News, Sport | 6 Aprile 2017

La vittoria di ieri sera nella semifinale di ritorno di Coppa Italia non è servita al Napoli. Il 3-2 in rimonta non è bastato ed in finale a Roma ci va la Juventus. Ribaltare l’1-3 dell’andata era compito non facile, complicato ulteriormente dalle due reti bianconere firmate Higuain.

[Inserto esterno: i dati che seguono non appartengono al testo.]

Lemma card_top_odd_mixed :
  (exists x y, [/\ Todd x, Todd y & x %% 4 != y %% 4]) -> card Todd <= (card S4).+1.
Proof.
move=> [x0 [y0 [Tx0 Ty0 x0y0]]].
rewrite /cardUpTo (count_predIC _ (fun t => t %% 4 == x0 %% 4)).
apply: (count_sumset (f := fun z => z %/ 4)).
- by exists x0; rewrite /= Tx0 eqxx.
- by exists y0; rewrite /= Ty0 eq_sym.
- by move=> y /andP[/andP[/and3P[_ _ ?] _] _]; lia.
- move=> x y x' y' /andP[/andP[_ ox] /eqP x4] /andP[/andP[_ oy] y4]
         /andP[/andP[_ ox'] /eqP x4'] /andP[/andP[_ oy'] y4'].
  move: (modn2 x) (modn2 y) (modn2 x') (modn2 y') y4 y4'.
  by rewrite ox oy ox' oy'; lia.
move=> x y /andP[/andP[Tx ox] /eqP x4] /andP[/andP[Ty oy] y4].
have /and3P[_ ? ?] := Tx; have /and3P[_ ? ?] := Ty.
move: (modn2 x) (modn2 y) y4; rewrite ox oy => x2 y2 /eqP y4.
have sum4 : (x + y) %% 4 = 0 by lia.
rewrite /= /rangeR (@top_sumP _ _ x) //; last by rewrite (_ : 4 * _ - x = y) //; lia.
by rewrite andbT; apply/andP; split; lia.
Qed.

Section OddTopOneClass.
Hypothesis same4 : forall x y, Todd x -> Todd y -> x %% 4 = y %% 4.

Let Thigh_mod3 k t := Thigh t && (t %% 3 == k).

Lemma card_top_odd_low :
  card (fun t => Todd t && ~~ (3 * n < 4 * t)) <= (3 * n %/ 4 - (2 * n %/ 3).+1) %/ 4 + 1.
Proof.
apply: count_congr_interval => // [x y /andP[Ox _] /andP[Oy _] | x].
  exact: same4.
by rewrite -leqNgt => /andP[/andP[/and3P[_ ? ?] _] ?]; apply/andP; split; lia.
Qed.

Lemma card_top_odd_high_class k :
  card (Thigh_mod3 k) <= (n - (3 * n %/ 4).+1) %/ 12 + 1.
Proof.
apply: count_congr_interval => // [x y /andP[/andP[Ox _] /eqP xk] /andP[/andP[Oy _] /eqP yk]
  | x /andP[/andP[/andP[/and3P[_ ? ?] _] ?] _]].
  by have := same4 Ox Oy; lia.
by apply/andP; split; lia.
Qed.

Lemma card_top_odd_high_mod3_0 : card (Thigh_mod3 0) <= card S6.
Proof.
apply: (count_iota_inj (f := fun t => t %/ 3)) => [x y /andP[_ /eqP x3] /andP[_ /eqP y3] /= e | x].
  by lia.
move=> /andP[/andP[/andP[Tx ox] ?] /eqP x3] _; have /and3P[_ ? ?] := Tx.
have := modn2 x; rewrite ox => x2.
have o3 : odd (x %/ 3) by move: (modn2 (x %/ 3)); case: odd => //=; lia.
rewrite /= /odd_rangeL o3 (@top_sumP _ _ x) //; last by rewrite (_ : 6 * _ - x = x) //; lia.
by rewrite andbT; apply/andP; split; [apply/andP; split|]; lia.
Qed.

Lemma card_top_odd_high_mod3_12 :
  0 < card (Thigh_mod3 1) -> 0 < card (Thigh_mod3 2) ->
  card (Thigh_mod3 1) + card (Thigh_mod3 2) <= (card S6).+1.
Proof.
rewrite /cardUpTo -!has_count => /hasP[x0 _ X0] /hasP[y0 _ Y0].
apply: (count_sumset (f := fun z => z %/ 6)); first (by exists x0); first (by exists y0).
- by move=> y /andP[/andP[/andP[/and3P[_ _ ?] _] _] _]; lia.
- move=> x y x' y' /andP[/andP[/andP[_ ox] _] /eqP x3] /andP[/andP[/andP[_ oy] _] /eqP y3]
         /andP[/andP[/andP[_ ox'] _] /eqP x3'] /andP[/andP[/andP[_ oy'] _] /eqP y3'].
  by move: (modn2 x) (modn2 y) (modn2 x') (modn2 y'); rewrite ox oy ox' oy'; lia.
move=> x y /andP[/andP[Ox ?] /eqP x3] /andP[/andP[Oy ?] /eqP y3].
have xy4 := same4 Ox Oy; case/andP: Ox => Tx ox; case/andP: Oy => Ty oy.
have /and3P[_ ? ?] := Tx; have /and3P[_ ? ?] := Ty.
move: (modn2 x) (modn2 y); rewrite ox oy => x2 y2.
(* x and y are odd and congruent mod 4, so x + y = 2 mod 4. *)
have o6 : odd ((x + y) %/ 6) by move: (modn2 ((x + y) %/ 6)); case: odd => //=; lia.
rewrite /= /odd_rangeL o6 (@top_sumP _ _ x) //; last by rewrite (_ : 6 * _ - x = y) //; lia.
by rewrite andbT; apply/andP; split; [apply/andP; split|]; lia.
Qed.

Lemma card_top_odd_high : card Thigh <= card S6 + (n - (3 * n %/ 4).+1) %/ 12 + 2.
Proof.
have split3 :
    card Thigh = card (Thigh_mod3 0) + card (Thigh_mod3 1) + card (Thigh_mod3 2).
  exact: count_mod3_split.
have c0_S6 := card_top_odd_high_mod3_0.
have c0 := card_top_odd_high_class 0.
have c1 := card_top_odd_high_class 1; have c2 := card_top_odd_high_class 2.
case: (posnP (card (Thigh_mod3 1))) => [| p1]; first lia.
case: (posnP (card (Thigh_mod3 2))) => [| p2]; first lia.
by have := card_top_odd_high_mod3_12 p1 p2; lia.
Qed.

End OddTopOneClass.

End SumsOfTop.

Theorem mainTheorem14 (n : nat) (A : pred nat) :
  (forall x, A x -> 1 <= x <= n) ->
  propP A ->
  3 * (2 * cardUpTo n (B2R n A) + cardUpTo n (Atop n A)) <= n + 12 \/
  4 * (cardUpTo n (B2 n A) + cardUpTo n (Atop n A)) <= n + 16.
Proof.
move=> _ hP.
have split_B2 : cardUpTo n (B2 n A)
    = cardUpTo n (B2R n A) + cardUpTo n (fun y => B2 n A y && ~~ rangeR n y).
  exact: count_predIC.
have split_top : cardUpTo n (Atop n A) = cardUpTo n (fun t => Atop n A t && odd t)
    + cardUpTo n (fun t => Atop n A t && ~~ odd t).
  exact: count_predIC.
have := card_B2R_S4 n hP; have := card_B2L_S6 n hP.
have := card_rangeR n; have := card_odd_rangeL n; have := card_top n A; have := card_top_even n A.
have Todd_lt t : Atop n A t && odd t -> t < n.+1 by case/andP=> /and3P[_ _ ?]; lia.
case: (congr_dichotomy 4 Todd_lt) => [mixed | same4].
  by have := card_top_odd_mixed mixed; lia.
have : cardUpTo n (fun t => Atop n A t && odd t)
    = cardUpTo n (fun t => (Atop n A t && odd t) && (3 * n < 4 * t))
    + cardUpTo n (fun t => (Atop n A t && odd t) && ~~ (3 * n < 4 * t)).
  exact: count_predIC.
have := card_top_odd_low same4; have := card_top_odd_high same4.
lia.
Qed.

Il protagonista della serata, manco a dirlo, è stato proprio l’argentino. Già domenica sera aveva mostrato disappunto alla pioggia di fischi che i 50mila del San Paolo gli avevano riservato prima, durante e dopo la gara di campionato, corrisposti con un ironico applauso all’uscita dal campo. Ieri Gonzalo, preparato al bis dei suoi ex-tifosi, è sceso in campo nervoso, infastidito, ma per certi versi quasi caricato dal clima riservatogli, ancora una volta, dal suo ex-pubblico deluso.

Durante il riscaldamento, i primi segni di insofferenza: sotto la pioggia di fischi, l’argentino è rimasto a calciare in porta fino all’ultimo, quasi a voler sfidare la curva e, tornando negli spogliatoi, ha puntato il dito verso la tribuna, lì dove solitamente siede il patron De Laurentiis, borbottando qualcosa nella sua lingua. E’ parso a tutti chiaro che quel gesto fosse rivolto al presidente del Napoli (non ancora arrivato allo stadio) e quindi, in quel momento, Higuain volesse additargli tutte le colpe di quel clima di astio e di odio.

Un tentativo classico da scaricabarile, come a voler far credere ai tifosi del Napoli che è stata colpa del presidente se lui, di notte, come un ladro, dopo aver fatto capolino nel ritiro di Dimaro, è volato di nascosto in Spagna per sostenere le visite mediche con la Juventus, quando era ancora un calciatore del Napoli.

Che il modo di gestire il club, i campioni e le cessioni da parte di De Laurentiis siano opinabili, non c’è dubbio. Ma volersi pulire la coscienza accusandolo di tutta quanta la vicenda no, il popolo azzurro non se la beve. Il presidente aveva messo la clausola, l’ha venduto, ma la Juventus l’ha voluta lui e se l’è presa nel modo più subdolo.

Durante la gara, Higuain ha scaricato tutta la rabbia accumulata in questa doppia sfida trafiggendo due volte Reina. La sua rivincita personale, da grande campione, l’ha lasciata al terreno di gioco. 4 gol in 4 gare da ex contro gli azzurri, una questione quasi “privata” ormai.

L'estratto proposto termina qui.